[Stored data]
(* Let $n\ge 1$, let $m_1,\dots,m_n$ and $x_1,\dots,x_n$ be real coordinates on the phase space with $x_1,\dots,x_n$ pairwise distinct, and equip functions of $(x,m)$ with the Poisson bracket determined by $$\{x_i,x_k\}=\operatorname{sgn}(x_i-x_k),\qquad \{m_i,m_k\}=\{m_i,x_k\}=0 .$$ Let $$h=\sum_{i,k=1}^n m_i m_k e^{-|x_i-x_k|}.$$ Then the Hamiltonian equations $\dot x_j=\{x_j,h\}$, $\dot m_j=\{m_j,h\}$ are exactly the system $$\dot m_j=0,\qquad \dot x_j=2\sum_{\substack{1\le k\le n\\ k\neq j}} m_j m_k e^{-|x_j-x_k|}+\sum_{k\neq j,\ i\neq j} m_i m_k\bigl(1-\operatorname{sgn}(x_j-x_k)\operatorname{sgn}(x_j-x_i)\bigr)e^{-|x_j-x_k|-|x_j-x_i|},\qquad 1\le j\le n,$$ (the second sum running over all pairs $(i,k)$ with $i\neq j$, $k\neq j$), i.e. the equations of motion of $n$ conservative peakons of the modified Camassa–Holm equation. Moreover, with $u(x)=\sum_{j=1}^n m_j e^{-|x-x_j|}$ and $m=u-u_{xx}=2\sum_{j=1}^n m_j\delta_{x_j}$, one has $h=\tfrac12\int u\,m\,d\xi=\tfrac12\|u\|_{H^1}^2$.
   Context: The system arises from the modified Camassa–Holm equation $m_t+((u^2-u_x^2)m)_x=0$, $m=u-u_{xx}$, with the peakon Ansatz $u=\sum_j m_j(t)e^{-|x-x_j(t)|}$ and the rule that $u_x^2 m$ is defined by multiplying the Dirac mass at each $x_j$ by the arithmetic average of the left and right limits of $u_x^2$ at $x_j$; this gives $\dot m_j=0$, $\dot x_j=u(x_j)^2-\langle u_x^2\rangle(x_j)$, which is the displayed system. Here $\|u\|_{H^1}^2=\int(u^2+u_x^2)\,dx$. *)

From HB Require Import structures.
From mathcomp Require Import all_boot all_order all_algebra.
From mathcomp Require Import all_classical all_reals all_analysis.
Set Implicit Arguments. Unset Strict Implicit. Unset Printing Implicit Defensive.
Import Order.TTheory GRing.Theory Num.Theory.
Import numFieldNormedType.Exports.
Local Open Scope ring_scope.

Section PeakonDefs.
Variables (R : realType) (n : nat).

Definition phase_fun := ('I_n -> R) -> ('I_n -> R) -> R.

Definition upd (v : 'I_n -> R) (k : 'I_n) (t : R) : 'I_n -> R :=
  fun i => if i == k then t else v i.

Definition dx (F : phase_fun) (k : 'I_n) (x m : 'I_n -> R) : R :=
  derive1 (fun t => F (upd x k t) m) (x k).
Definition dm (F : phase_fun) (k : 'I_n) (x m : 'I_n -> R) : R :=
  derive1 (fun t => F x (upd m k t)) (m k).

Definition Pxx (x : 'I_n -> R) (i k : 'I_n) : R := Num.sg (x i - x k).
Definition Pxm (x : 'I_n -> R) (i k : 'I_n) : R := 0.
Definition Pmx (x : 'I_n -> R) (i k : 'I_n) : R := 0.
Definition Pmm (x : 'I_n -> R) (i k : 'I_n) : R := 0.

Definition pbracket (F G : phase_fun) (x m : 'I_n -> R) : R :=
  \sum_(i < n) \sum_(k < n)
    (  Pxx x i k * dx F i x m * dx G k x m
     + Pxm x i k * dx F i x m * dm G k x m
     + Pmx x i k * dm F i x m * dx G k x m
     + Pmm x i k * dm F i x m * dm G k x m).

Definition xcoord (j : 'I_n) : phase_fun := fun x m => x j.
Definition mcoord (j : 'I_n) : phase_fun := fun x m => m j.

Definition ham : phase_fun := fun x m =>
  \sum_(i < n) \sum_(k < n) m i * m k * expR (- `|x i - x k|).

Definition xdot_rhs (x m : 'I_n -> R) (j : 'I_n) : R :=
  2 * (\sum_(k < n | k != j) m j * m k * expR (- `|x j - x k|))
  + \sum_(i < n | i != j) \sum_(k < n | k != j)
      m i * m k * (1 - Num.sg (x j - x k) * Num.sg (x j - x i))
        * expR (- `|x j - x k| - `|x j - x i|).

Definition peakon_u (x m : 'I_n -> R) (xi : R) : R :=
  \sum_(j < n) m j * expR (- `|xi - x j|).

(* pairing  int u * mu  for the measure  mu = 2 sum_j m_j delta_{x_j} *)
Definition pair_delta (x m : 'I_n -> R) (f : R -> R) : R :=
  \sum_(j < n) 2 * m j * f (x j).

End PeakonDefs.

From HB Require Import structures.
From mathcomp Require Import all_boot all_order all_algebra.
From mathcomp Require Import all_classical all_reals all_analysis.
From mathcomp Require Import measurable_realfun ring lra.
Import Order.TTheory GRing.Theory Num.Theory.
Import numFieldNormedType.Exports.
(* Let $Q$ be a latin quandle and $u\in Q$. If the subquandle $\mathrm{Sg}(u,x,y)$ is simply connected for every $x,y\in Q$, then $Q$ is simply connected.
   Context: A quandle is a set $Q$ with a binary operation $*$ such that every left translation $L_x:y\mapsto x*y$ is bijective, $x*(y*z)=(x*y)*(x*z)$ and $x*x=x$; left division is $x\backslash y=L_x^{-1}(y)$. $Q$ is latin if every right translation $y\mapsto y*x$ is bijective, and connected if $\langle L_x:x\in Q\rangle$ is transitive. $\mathrm{Sg}(u,x,y)$ is the smallest subset of $Q$ containing $u,x,y$ and closed under $*$ and $\backslash$. For a set $S$, a quandle cocycle with values in $\mathrm{Sym}_S$ is $\theta:Q\times Q\to\mathrm{Sym}_S$ with $\theta_{x*y,x*z}\theta_{x,z}=\theta_{x,y*z}\theta_{y,z}$ and $\theta_{x,x}=1$; it is cohomologous to the trivial cocycle if there is $\gamma:Q\to\mathrm{Sym}_S$ with $\theta_{x,y}=\gamma_{x*y}\gamma_y^{-1}$ for all $x,y$. A quandle is simply connected if it is connected and, for every set $S$, every such cocycle is cohomologous to the trivial cocycle. *)

From mathcomp Require Import ssreflect ssrfun ssrbool.
Set Implicit Arguments.
Unset Strict Implicit.

Section Quandles.
Variables (Q : Type) (op : Q -> Q -> Q) (ldiv : Q -> Q -> Q).
(* op x y = x * y ; ldiv x y = x \ y = L_x^{-1}(y) *)

Definition is_quandle : Prop :=
  [/\ forall x y, op x (ldiv x y) = y,
      forall x y, ldiv x (op x y) = y,
      forall x y z, op x (op y z) = op (op x y) (op x z)
    & forall x, op x x = x].

Definition latin : Prop := forall x, bijective (fun y => op y x).

Inductive Sg (u x y : Q) : Q -> Prop :=
  | Sg_u : Sg u x y u
  | Sg_x : Sg u x y x
  | Sg_y : Sg u x y y
  | Sg_op a b : Sg u x y a -> Sg u x y b -> Sg u x y (op a b)
  | Sg_ldiv a b : Sg u x y a -> Sg u x y b -> Sg u x y (ldiv a b).

(* For a subset A closed under * and \ (a subquandle, with the inherited
   operations): orbit of a under the group generated by L_x, x in A. *)
Inductive orbit_in (A : Q -> Prop) (a : Q) : Q -> Prop :=
  | orb_refl : orbit_in A a a
  | orb_L x b : A x -> orbit_in A a b -> orbit_in A a (op x b)
  | orb_Linv x b : A x -> orbit_in A a b -> orbit_in A a (ldiv x b).

Definition connected_on (A : Q -> Prop) : Prop :=
  forall a b, A a -> A b -> orbit_in A a b.

(* Quandle cocycle on A with values in Sym_S, composition (f g)(s) = f (g s). *)
Definition cocycle_on (A : Q -> Prop) (S : Type) (theta : Q -> Q -> S -> S)
  : Prop :=
  [/\ forall x y, A x -> A y -> bijective (theta x y),
      forall x y z, A x -> A y -> A z -> forall s,
        theta (op x y) (op x z) (theta x z s) = theta x (op y z) (theta y z s)
    & forall x, A x -> forall s, theta x x s = s].

(* theta_{x,y} = gamma_{x*y} gamma_y^{-1}, written as
   theta_{x,y} o gamma_y = gamma_{x*y} (gamma_y bijective). *)
Definition cohomologous_trivial_on (A : Q -> Prop) (S : Type)
  (theta : Q -> Q -> S -> S) : Prop :=
  exists gamma : Q -> S -> S,
    (forall x, A x -> bijective (gamma x)) /\
    (forall x y, A x -> A y -> forall s,
        theta x y (gamma y s) = gamma (op x y) s).

Definition simply_connected_on (A : Q -> Prop) : Prop :=
  connected_on A /\
  forall (S : Type) (theta : Q -> Q -> S -> S),
    cocycle_on A theta -> cohomologous_trivial_on A theta.

End Quandles.

From mathcomp Require Import ssreflect ssrfun ssrbool.
From Stdlib Require Import ClassicalEpsilon.

Set Implicit Arguments.
Unset Strict Implicit.

(* Normalise a trivialisation of the cocycle on each subquandle Sg(u,x,y) so
   that it is the identity at u.  Since Sg(u,x,y) is connected, such a
   normalised trivialisation is unique, and it restricts to the normalised one
   on Sg(u,z,z) for every z in Sg(u,x,y).  Hence gamma_z, read off from
   Sg(u,z,z), is independent of the subquandle used, and these values glue to
   a global trivialisation. *)

Section Subquandles.
Variables (Q : Type) (op ldiv : Q -> Q -> Q).

Definition subquandle (A : Q -> Prop) : Prop :=
  (forall a b, A a -> A b -> A (op a b)) /\
  (forall a b, A a -> A b -> A (ldiv a b)).

Definition trivializes (A : Q -> Prop) S (theta : Q -> Q -> S -> S)
    (gamma : Q -> S -> S) : Prop :=
  forall x y, A x -> A y -> forall s, theta x y (gamma y s) = gamma (op x y) s.

Lemma Sg_subquandle u x y : subquandle (Sg op ldiv u x y).
Proof. by split=> a b; [apply: Sg_op | apply: Sg_ldiv]. Qed.

Lemma Sg_min (A : Q -> Prop) u x y :
  subquandle A -> A u -> A x -> A y -> forall z, Sg op ldiv u x y z -> A z.
Proof. by move=> [Aop Ald] Au Ax Ay z; elim=> //; auto. Qed.

Lemma orbit_in_mono (A B : Q -> Prop) a b :
  (forall z, A z -> B z) -> orbit_in op ldiv A a b -> orbit_in op ldiv B a b.
Proof.
move=> AB; elim=> [|x c Ax _ IH|x c Ax _ IH]; first exact: orb_refl.
- exact: orb_L (AB _ Ax) IH.
- exact: orb_Linv (AB _ Ax) IH.
Qed.

Lemma cocycle_on_sub (A B : Q -> Prop) S (theta : Q -> Q -> S -> S) :
  (forall z, A z -> B z) -> cocycle_on op B theta -> cocycle_on op A theta.
Proof. by move=> AB [Hbij Hcoc Hid]; split=> *; auto. Qed.

Lemma trivializes_sub (A B : Q -> Prop) S (theta : Q -> Q -> S -> S) gamma :
  (forall z, A z -> B z) -> trivializes B theta gamma -> trivializes A theta gamma.
Proof. by move=> AB Hg x y Ax Ay; apply: Hg; apply: AB. Qed.

Lemma trivialization_unique (A : Q -> Prop) S (theta : Q -> Q -> S -> S) u
    (g g' : Q -> S -> S) :
  is_quandle op ldiv -> subquandle A -> connected_on op ldiv A -> A u ->
  cocycle_on op A theta -> trivializes A theta g -> trivializes A theta g' ->
  g u =1 g' u -> forall b, A b -> g b =1 g' b.
Proof.
move=> [opK _ _ _] [Aop Ald] Acon Au [Hbij _ _] Hg Hg' gu b Ab.
suff: A b /\ g b =1 g' b by case.
elim: (Acon u b Au Ab) => [|x c Ax _ [Ac IH]|x c Ax _ [Ac IH]]; first by [].
- by split=> [|s]; [apply: Aop | rewrite -Hg // -Hg' // IH].
- have Ad := Ald _ _ Ax Ac; split=> // s.
  apply: (bij_inj (Hbij x _ Ax Ad)).
  by rewrite Hg // Hg' // opK IH.
Qed.

Lemma normalized_trivialization (A : Q -> Prop) S (theta : Q -> Q -> S -> S) u :
  simply_connected_on op ldiv A -> A u -> cocycle_on op A theta ->
  exists gamma : Q -> S -> S,
    [/\ forall a, A a -> bijective (gamma a), trivializes A theta gamma
      & gamma u =1 id].
Proof.
move=> [_ Hsc] Au Htheta.
have [g [gbij gtriv]] := Hsc S theta Htheta.
have [h gK hK] := gbij u Au.
exists (fun a s => g a (h s)); split=> [a Aa||s /=].
- by apply: bij_comp; [apply: gbij | exists (g u)].
- by move=> x y Ax Ay s; apply: gtriv.
- exact: hK.
Qed.

End Subquandles.

Section Gluing.
Variables (Q : Type) (op ldiv : Q -> Q -> Q) (u : Q).
Hypothesis quandleQ : is_quandle op ldiv.
Hypothesis Sg_simply_connected :
  forall x y, simply_connected_on op ldiv (Sg op ldiv u x y).
Variables (S : Type) (theta : Q -> Q -> S -> S).
Hypothesis theta_cocycle : cocycle_on op (fun _ => True) theta.

Local Notation Sgu := (Sg op ldiv u).

Lemma Sg_normalized_trivialization x y :
  exists gamma : Q -> S -> S,
    [/\ forall a, Sgu x y a -> bijective (gamma a),
        trivializes op (Sgu x y) theta gamma & gamma u =1 id].
Proof.
apply: normalized_trivialization; first exact: Sg_simply_connected.
- exact: Sg_u.
- exact: cocycle_on_sub theta_cocycle.
Qed.

Definition glued_gamma (z : Q) : S -> S :=
  proj1_sig (constructive_indefinite_description _
    (Sg_normalized_trivialization z z)) z.

Lemma glued_gammaP z :
  exists gamma : Q -> S -> S,
    [/\ forall a, Sgu z z a -> bijective (gamma a),
        trivializes op (Sgu z z) theta gamma, gamma u =1 id
      & gamma z = glued_gamma z].
Proof.
rewrite /glued_gamma.
case: constructive_indefinite_description => gamma [? ? ?] /=.
by exists gamma.
Qed.

Lemma glued_gamma_unique x y (d : Q -> S -> S) :
  trivializes op (Sgu x y) theta d -> d u =1 id ->
  forall z, Sgu x y z -> d z =1 glued_gamma z.
Proof.
move=> dtriv du z Sz.
have [g [_ gtriv gu <-]] := glued_gammaP z.
have sub : forall w, Sgu z z w -> Sgu x y w.
  by apply: Sg_min; [exact: Sg_subquandle | exact: Sg_u | exact: Sz | exact: Sz].
apply: (trivialization_unique (theta := theta) (u := u) quandleQ (A := Sgu z z)) => //.
- exact: Sg_subquandle.
- by case: (Sg_simply_connected z z).
- exact: Sg_u.
- exact: cocycle_on_sub theta_cocycle.
- exact: trivializes_sub sub dtriv.
- by move=> s; rewrite du gu.
- exact: Sg_x.
Qed.

Lemma glued_gamma_bijective z : bijective (glued_gamma z).
Proof. by have [g [gbij _ _ <-]] := glued_gammaP z; apply: gbij; apply: Sg_x. Qed.

Lemma glued_gamma_trivializes : trivializes op (fun _ => True) theta glued_gamma.
Proof.
move=> x y _ _ s.
have [d [_ dtriv du]] := Sg_normalized_trivialization x y.
have Sxy : Sgu x y (op x y) by apply: Sg_op; [apply: Sg_x | apply: Sg_y].
rewrite -(glued_gamma_unique dtriv du (Sg_y _ _ _ _ _)).
rewrite -(glued_gamma_unique dtriv du Sxy).
by apply: dtriv; [apply: Sg_x | apply: Sg_y].
Qed.

End Gluing.

Theorem proposition3p6 (Q : Type) (op ldiv : Q -> Q -> Q) (u : Q) :
  is_quandle op ldiv -> latin op ->
  (forall x y : Q, simply_connected_on op ldiv (Sg op ldiv u x y)) ->
  simply_connected_on op ldiv (fun _ : Q => True).
Proof.
move=> quandleQ _ Hsc; split=> [a b _ _ | S theta Htheta].
- have [Hcon _] := Hsc a b.
  by apply: (orbit_in_mono (A := Sg op ldiv u a b)); last apply: Hcon; constructor.
- exists (glued_gamma Hsc Htheta); split=> [x _|].
  + exact: glued_gamma_bijective.
  + exact: glued_gamma_trivializes.
Qed.
Definition graded_sub (pi : int -> V -> V) (S : V -> Prop) : Prop :=
  subspace S /\ forall n v, S v -> S (pi n v).

Definition directed (U : (V -> Prop) -> Prop) : Prop :=
  (exists J, U J) /\
  forall J1 J2, U J1 -> U J2 -> exists J3, U J3 /\ subset_of J3 J1 /\ subset_of J3 J2.

(* The subquotient Z/B (B <= Z) carries the linear topology whose basis of *)
(* neighbourhoods of 0 is {J/B | J in U}. [gr_pc_top] says: this is a      *)
(* basis (directed), formed by graded subspaces of finite total codimension*)
(* and the topology is separated and complete as a graded space (i.e. in   *)
(* each degree n).  Elements of Z/B are represented by elements of Z.      *)
Definition gr_pc_top (pi : int -> V -> V) (Z B : V -> Prop)
    (U : (V -> Prop) -> Prop) : Prop :=
  directed U /\
  (forall J, U J -> graded_sub pi J /\ subset_of B J /\ subset_of J Z /\ fincodim Z J) /\
  (forall v, Z v -> (forall J, U J -> J v) -> B v) /\
  (forall (n : int) (x : (V -> Prop) -> V),
     (forall J, U J -> Z (x J) /\ pi n (x J) = x J) ->
     (forall J1 J2, U J1 -> U J2 -> subset_of J1 J2 -> J2 (x J1 - x J2)) ->
     exists x0, Z x0 /\ pi n x0 = x0 /\ forall J, U J -> J (x0 - x J)).

Definition pc_top (Z B : V -> Prop) (U : (V -> Prop) -> Prop) : Prop :=
  directed U /\
  (forall J, U J -> subspace J /\ subset_of B J /\ subset_of J Z /\ fincodim Z J) /\
  (forall v, Z v -> (forall J, U J -> J v) -> B v) /\
  (forall x : (V -> Prop) -> V,
     (forall J, U J -> Z (x J)) ->
     (forall J1 J2, U J1 -> U J2 -> subset_of J1 J2 -> J2 (x J1 - x J2)) ->
     exists x0, Z x0 /\ forall J, U J -> J (x0 - x J)).

End Space.

Section Alg.
Variables (k : fieldType) (T : algType k).

Definition graded_alg (pi : int -> T -> T) : Prop :=
  is_grading pi /\ pi 0 1 = 1 /\
  forall (p q : int) a b, pi p a = a -> pi q b = b -> pi (p + q) (a * b) = a * b.

Definition two_sided_ideal_in (Z J : T -> Prop) : Prop :=
  forall a b, Z a -> J b -> J (a * b) /\ J (b * a).

Definition right_ideal_in (Z J : T -> Prop) : Prop :=
  forall a b, Z a -> J b -> J (b * a).

(* A dg R-algebra (monoid in dg R-bimodules) = graded k-algebra T with a    *)
(* k-algebra map phi : R -> T^0, and an R-bilinear differential d of       *)
(* degree 1 satisfying the graded Leibniz rule.                            *)
Definition dg_R_alg (R : falgType k) (pi : int -> T -> T) (d : T -> T)
    (phi : R -> T) : Prop :=
  graded_alg pi /\
  (forall (a : k) u v, phi (a *: u + v) = a *: phi u + phi v) /\
  phi 1 = 1 /\ (forall u v, phi (u * v) = phi u * phi v) /\
  (forall u, pi 0 (phi u) = phi u) /\
  (forall (a : k) u v, d (a *: u + v) = a *: d u + d v) /\
  (forall n v, pi (n + 1) (d (pi n v)) = d (pi n v)) /\
  (forall v, d (d v) = 0) /\
  (forall (p : int) a b, pi p a = a ->
      d (a * b) = d a * b + (-1) ^+ `|p|%N * (a * d b)) /\
  (forall r a, d (phi r * a) = phi r * d a /\ d (a * phi r) = d a * phi r).

Definition bpc_dg_alg (pi : int -> T -> T) (d : T -> T) (U : (T -> Prop) -> Prop) : Prop :=
  gr_pc_top pi (fun _ => True) (fun v => v = 0) U /\
  (forall I, U I -> two_sided_ideal_in (fun _ => True) I /\ (forall v, I v -> I (d v))).

(* The graded algebra Z/B (Z a graded subalgebra, B a graded two-sided ideal *)
(* of Z) with topology of basis {J/B | J in U} is a bilaterally           *)
(* pseudocompact graded algebra.                                           *)
Definition bpc_graded_alg_q (pi : int -> T -> T) (Z B : T -> Prop)
    (U : (T -> Prop) -> Prop) : Prop :=
  graded_alg pi /\ graded_sub pi Z /\ Z 1 /\ (forall a b, Z a -> Z b -> Z (a * b)) /\
  graded_sub pi B /\ subset_of B Z /\ two_sided_ideal_in Z B /\
  (forall J, U J -> two_sided_ideal_in Z J) /\
  gr_pc_top pi Z B U.

(* The (ungraded) algebra Z/B with topology of basis {J/B | J in U} is a   *)
(* pseudocompact algebra (basis of right ideals of finite codimension).    *)
Definition pc_alg_q (Z B : T -> Prop) (U : (T -> Prop) -> Prop) : Prop :=
  subspace Z /\ Z 1 /\ (forall a b, Z a -> Z b -> Z (a * b)) /\
  subspace B /\ subset_of B Z /\ two_sided_ideal_in Z B /\
  (forall J, U J -> right_ideal_in Z J) /\
  pc_top Z B U.

End Alg.

Section Homology.
Variables (k : fieldType) (V : lmodType k).

Definition cycles (d : V -> V) : V -> Prop := fun a => d a = 0.
Definition bounds (d : V -> V) : V -> Prop := fun a => exists b, a = d b.
(* basis of the induced topology on H = Z/B: the images (I /\ Z + B)/B *)
Definition hom_top (d : V -> V) (U : (V -> Prop) -> Prop) : (V -> Prop) -> Prop :=
  fun J => exists I, U I /\ J = (fun z => exists i c, I i /\ d i = 0 /\ z = i + d c).

Definition cycles0 (pi : int -> V -> V) (d : V -> V) : V -> Prop :=
  fun a => pi 0 a = a /\ d a = 0.
Definition bounds0 (pi : int -> V -> V) (d : V -> V) : V -> Prop :=
  fun a => pi 0 a = a /\ exists b, a = d b.
Definition hom_top0 (pi : int -> V -> V) (d : V -> V) (U : (V -> Prop) -> Prop)
  : (V -> Prop) -> Prop :=
  fun J => exists I, U I /\
    J = (fun z => pi 0 z = z /\ exists i c, I i /\ d i = 0 /\ z = i + d c).
End Homology.

Section Module.
Variables (k : fieldType) (T : algType k) (M : lmodType k).

Definition dg_module (pi : int -> T -> T) (d : T -> T) (piM : int -> M -> M)
    (dM : M -> M) (act : M -> T -> M) : Prop :=
  is_grading piM /\
  (forall (a : k) m m' x, act (a *: m + m') x = a *: act m x + act m' x) /\
  (forall (a : k) m x y, act m (a *: x + y) = a *: act m x + act m y) /\
  (forall m, act m 1 = m) /\
  (forall m x y, act (act m x) y = act m (x * y)) /\
  (forall (p q : int) m x, piM p m = m -> pi q x = x -> piM (p + q) (act m x) = act m x) /\
  (forall (a : k) u v, dM (a *: u + v) = a *: dM u + dM v) /\
  (forall n v, piM (n + 1) (dM (piM n v)) = dM (piM n v)) /\
  (forall v, dM (dM v) = 0) /\
  (forall (p : int) m x, piM p m = m ->
      dM (act m x) = act (dM m) x + (-1) ^+ `|p|%N *: act m (d x)).

Definition pc_dg_module (piM : int -> M -> M) (dM : M -> M) (act : M -> T -> M)
    (N : (M -> Prop) -> Prop) : Prop :=
  gr_pc_top piM (fun _ => True) (fun v => v = 0) N /\
  (forall J, N J -> (forall m x, J m -> J (act m x)) /\ (forall m, J m -> J (dM m))).

(* ZM/BM, with topology of basis {J/BM | J in NH}, is a pseudocompact      *)
(* graded module over the graded algebra ZA/BA (action induced by act).    *)
Definition pc_gr_module_q (piM : int -> M -> M) (act : M -> T -> M)
    (ZA BA : T -> Prop) (ZM BM : M -> Prop) (NH : (M -> Prop) -> Prop) : Prop :=
  graded_sub piM ZM /\ graded_sub piM BM /\ subset_of BM ZM /\
  (forall m x, ZM m -> ZA x -> ZM (act m x)) /\
  (forall m x, BM m -> ZA x -> BM (act m x)) /\
  (forall m x, ZM m -> BA x -> BM (act m x)) /\
  (forall J, NH J -> forall m x, J m -> ZA x -> J (act m x)) /\
  gr_pc_top piM ZM BM NH.
End Module.

From HB Require Import structures.
From mathcomp Require Import all_boot all_order all_algebra all_field.
From mathcomp Require Import boolp classical_sets.
Set Implicit Arguments. Unset Strict Implicit. Unset Printing Implicit Defensive.
Import GRing.Theory.
Local Open Scope ring_scope.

How to complete this task
Say only how many lines in the records carry the word "case".

Problem solution
3